(* Let $n\ge 4$ and $Q=\{0,\dots,n-1\}$. Then $\mathbf{W}_{\mathrm{sf}}(n)$ is the unique maximal semigroup of a suffix-free language in which no two states from $\{1,\dots,n-2\}$ are colliding; that is, $\mathbf{W}_{\mathrm{sf}}(n)$ is the transition semigroup of a minimal DFA (with state set $Q$, initial state $0$, empty state $n-1$) accepting a suffix-free language, no two states of $\{1,\dots,n-2\}$ collide in it, and every transition semigroup $T$ of such a DFA in which no two states of $\{1,\dots,n-2\}$ collide satisfies $T\subseteq\mathbf{W}_{\mathrm{sf}}(n)$.
   Context: A language $L$ is suffix-free if whenever $w\in L$ and $u\in L$ with $u$ a suffix of $w$, then $u=w$. Transformations act on the right ($qt$ is the image of $q$ under $t$). The transition semigroup of a DFA is the semigroup of transformations of its state set generated by the transformations induced by its letters. A minimal complete DFA of a suffix-free language with $n\ge2$ states has exactly one empty state (a state from which no final state is reachable); the states are labeled $Q=\{0,\dots,n-1\}$ with $0$ initial and $n-1$ empty. For a semigroup $T$ of transformations of $Q$, an unordered pair $\{p,q\}$ of distinct states of $Q\setminus\{0,n-1\}$ is colliding in $T$ if there exist $t\in T$ and $r\in Q\setminus\{0,n-1\}$ with $0t=p$ and $rt=q$. Define $\mathbf{B}_{\mathrm{sf}}(n)=\{t:Q\to Q \mid 0\notin Qt,\ (n-1)t=n-1,\ \text{and for all } j\ge1:\ 0t^j=n-1 \text{ or } 0t^j\neq qt^j \text{ for all } 0<q<n-1\}$ and $\mathbf{W}_{\mathrm{sf}}(n)=\{t\in\mathbf{B}_{\mathrm{sf}}(n)\mid 0t=n-1 \text{ or } qt=n-1 \text{ for all } 1\le q\le n-2\}$. *)

(* States Q = {0,...,n-1} are the ordinals 'I_n;
   state 0 is the one with value 0, the empty state the one with value n-1. *)
From mathcomp Require Import all_boot.
Set Implicit Arguments.
Unset Strict Implicit.
Unset Printing Implicit Defensive.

[Task description]: Could each line above be retyped exactly?

[Answer for this exercise]:
(* Let $n\ge 4$ and $Q=\{0,\dots,n-1\}$. Then $\mathbf{W}_{\mathrm{sf}}(n)$ is the unique maximal semigroup of a suffix-free language in which no two states from $\{1,\dots,n-2\}$ are colliding; that is, $\mathbf{W}_{\mathrm{sf}}(n)$ is the transition semigroup of a minimal DFA (with state set $Q$, initial state $0$, empty state $n-1$) accepting a suffix-free language, no two states of $\{1,\dots,n-2\}$ collide in it, and every transition semigroup $T$ of such a DFA in which no two states of $\{1,\dots,n-2\}$ collide satisfies $T\subseteq\mathbf{W}_{\mathrm{sf}}(n)$.
   Context: A language $L$ is suffix-free if whenever $w\in L$ and $u\in L$ with $u$ a suffix of $w$, then $u=w$. Transformations act on the right ($qt$ is the image of $q$ under $t$). The transition semigroup of a DFA is the semigroup of transformations of its state set generated by the transformations induced by its letters. A minimal complete DFA of a suffix-free language with $n\ge2$ states has exactly one empty state (a state from which no final state is reachable); the states are labeled $Q=\{0,\dots,n-1\}$ with $0$ initial and $n-1$ empty. For a semigroup $T$ of transformations of $Q$, an unordered pair $\{p,q\}$ of distinct states of $Q\setminus\{0,n-1\}$ is colliding in $T$ if there exist $t\in T$ and $r\in Q\setminus\{0,n-1\}$ with $0t=p$ and $rt=q$. Define $\mathbf{B}_{\mathrm{sf}}(n)=\{t:Q\to Q \mid 0\notin Qt,\ (n-1)t=n-1,\ \text{and for all } j\ge1:\ 0t^j=n-1 \text{ or } 0t^j\neq qt^j \text{ for all } 0<q<n-1\}$ and $\mathbf{W}_{\mathrm{sf}}(n)=\{t\in\mathbf{B}_{\mathrm{sf}}(n)\mid 0t=n-1 \text{ or } qt=n-1 \text{ for all } 1\le q\le n-2\}$. *)

(* States Q = {0,...,n-1} are the ordinals 'I_n;
   state 0 is the one with value 0, the empty state the one with value n-1. *)
From mathcomp Require Import all_boot.
Set Implicit Arguments.
Unset Strict Implicit.
Unset Printing Implicit Defensive.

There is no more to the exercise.